The discussions I attended shared a common theme:
This was that the focus of testing needs to be on business goals rather than narrow requirements. The best requirements are those that have examples or tell a business story. However, we do need robust stories – throwaway stories do not serve this purpose.
When documenting our tests we can then keep in step with these examples along with our test data.
We would increase our credibility by dropping the name “testing” from some of our activities. For example, a “testing workshop” could be better described as a “specification workshop” and acceptance testing be renamed “business process documentation”. The value of both being their collaborative nature, i.e. with the other stakeholders.

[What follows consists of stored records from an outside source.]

Lemma hsum_q_partial_fractions :
  let c := L ^+ 2 / L2 in
  let G1 := fps_geom L L1 in
  let G2 := fps_geom L qLm in
  [/\ hsum q (Q / L ^+ 2) 1 1 = fps_const c * (fps_const L1 * G1 + fps_const (- qLm) * G2),
      hsum q (Q / L ^+ 2) 1 0 = fps_const c * (G1 + fps_const Q * G2) &
      hsum q (Q / L ^+ 2) 0 1 = fps_const c * (fps_const Q * G1 + G2)].
Proof.
move=> c G1 G2; rewrite {}/c {}/G1 {}/G2.
have L_neq0 : L != 0 by rewrite mulf_neq0 ?invr_eq0.
have pf := hsum_partial_fractions L_neq0 L_neq0 (esym (expr2 L))
  (ltac:(by q_field) : L * qLm + L * L1 = L ^+ 2 * (1 + q))
  (ltac:(by q_field) : L1 * qLm = L ^+ 2 * (q - Q / L ^+ 2)).
have numer11 : (1 - z) * (1 - fps_const q * z) * hcomp 1 1 q = fps_const 1 - fps_const 0 * z.
  by rewrite AB_hcomp11 rmorph1 rmorph0 mul0r subr0.
have numer10 : (1 - z) * (1 - fps_const q * z) * hcomp 1 0 q = fps_const 1 - fps_const q * z.
  by rewrite AB_hcomp10 rmorph1.
have numer01 : (1 - z) * (1 - fps_const q * z) * hcomp 0 1 q = fps_const 1 - fps_const 1 * z.
  by rewrite AB_hcomp01 rmorph1 mul1r.
split.
- by rewrite (pf _ _ _ _ (L ^+ 2 / L2) L1 (- qLm) numer11) //; q_field.
- by rewrite (pf _ _ _ _ (L ^+ 2 / L2) 1 Q numer10) ?rmorph1 ?mul1r //; q_field.
- by rewrite (pf _ _ _ _ (L ^+ 2 / L2) Q 1 numer01) ?rmorph1 ?mul1r //; q_field.
Qed.

End QAnalogue.

Lemma lhs_seriesE l a b : lhs_series l a b = hsum qvar (qvar ^+ l / qint l ^+ 2) a b.
Proof. by []. Qed.

Lemma one_sub_qvarX_neq0 k : (0 < k)%N -> 1 - qvar ^+ k != 0.
Proof.
move=> k_gt0; rewrite /qvar -tofracXn -tofrac1 -tofracB tofrac_eq0.
apply: contraTneq k_gt0 => /(congr1 (fun p : {poly rat} => p`_0)).
by rewrite coefB coef1 coefXn coef0; case: k.
Qed.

Some of our terms are actually confusing. E.g. “continuous integration” – the emphasis is sometimes on functional aspects not just integration and rather than continuous they can be long tests e.g. 10 hours. We should use names that “create the right picture in people’s heads”. “Validating frequently” would be an example here.

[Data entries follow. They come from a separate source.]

Theorem corollary4p36 (S : qspace -> Prop)
  (HS : forall V : qspace, exists W : qspace,
          S W /\ isometric V W /\
          (forall W' : qspace, S W' -> isometric V W' -> W' = W)) :
  ((forall V : qspace, S V -> is_projective (isoF V)) /\
   is_generating (fun i : {V : qspace | S V} => isoF (proj1_sig i))) /\
  ((forall V : qspace, S V -> is_injective (isoF V)) /\
   is_cogenerating (fun i : {V : qspace | S V} => isoF (proj1_sig i))).
Proof.
have HS' V : exists2 W, S W & isometric V W by have [W [SW [VW _]]] := HS V; exists W.
split; split.
- by move=> V _; exact: isoF_projective.
- exact: isoF_generating.
- by move=> V _; exact: isoF_injective.
- exact: isoF_cogenerating.
Qed.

The tester challenge is thus to think from a business perspective. There is no IT challenge it is a business challenge. It is our job to make sure that the requirements match the business goals. The focus of our testing should be “the business process” not the “system”.
Regression testing has become an obsession because projects are dominated by rework. You don’t need automation if you get it right in the first place. “Refactoring is rework”. Just capturing large volumes of data can be useful for regression testing, but without examples it is difficult to know what is being “proved”.
The “code” is what the system does. So if we have example test cases that prove what the code does then we have living documentation of the system.
I have not attempted to cover everything that was said. The above is a brief summary of what I considered to be the salient points. I think the synthesis is that we need to build quality in from the start; we can’t test it in later.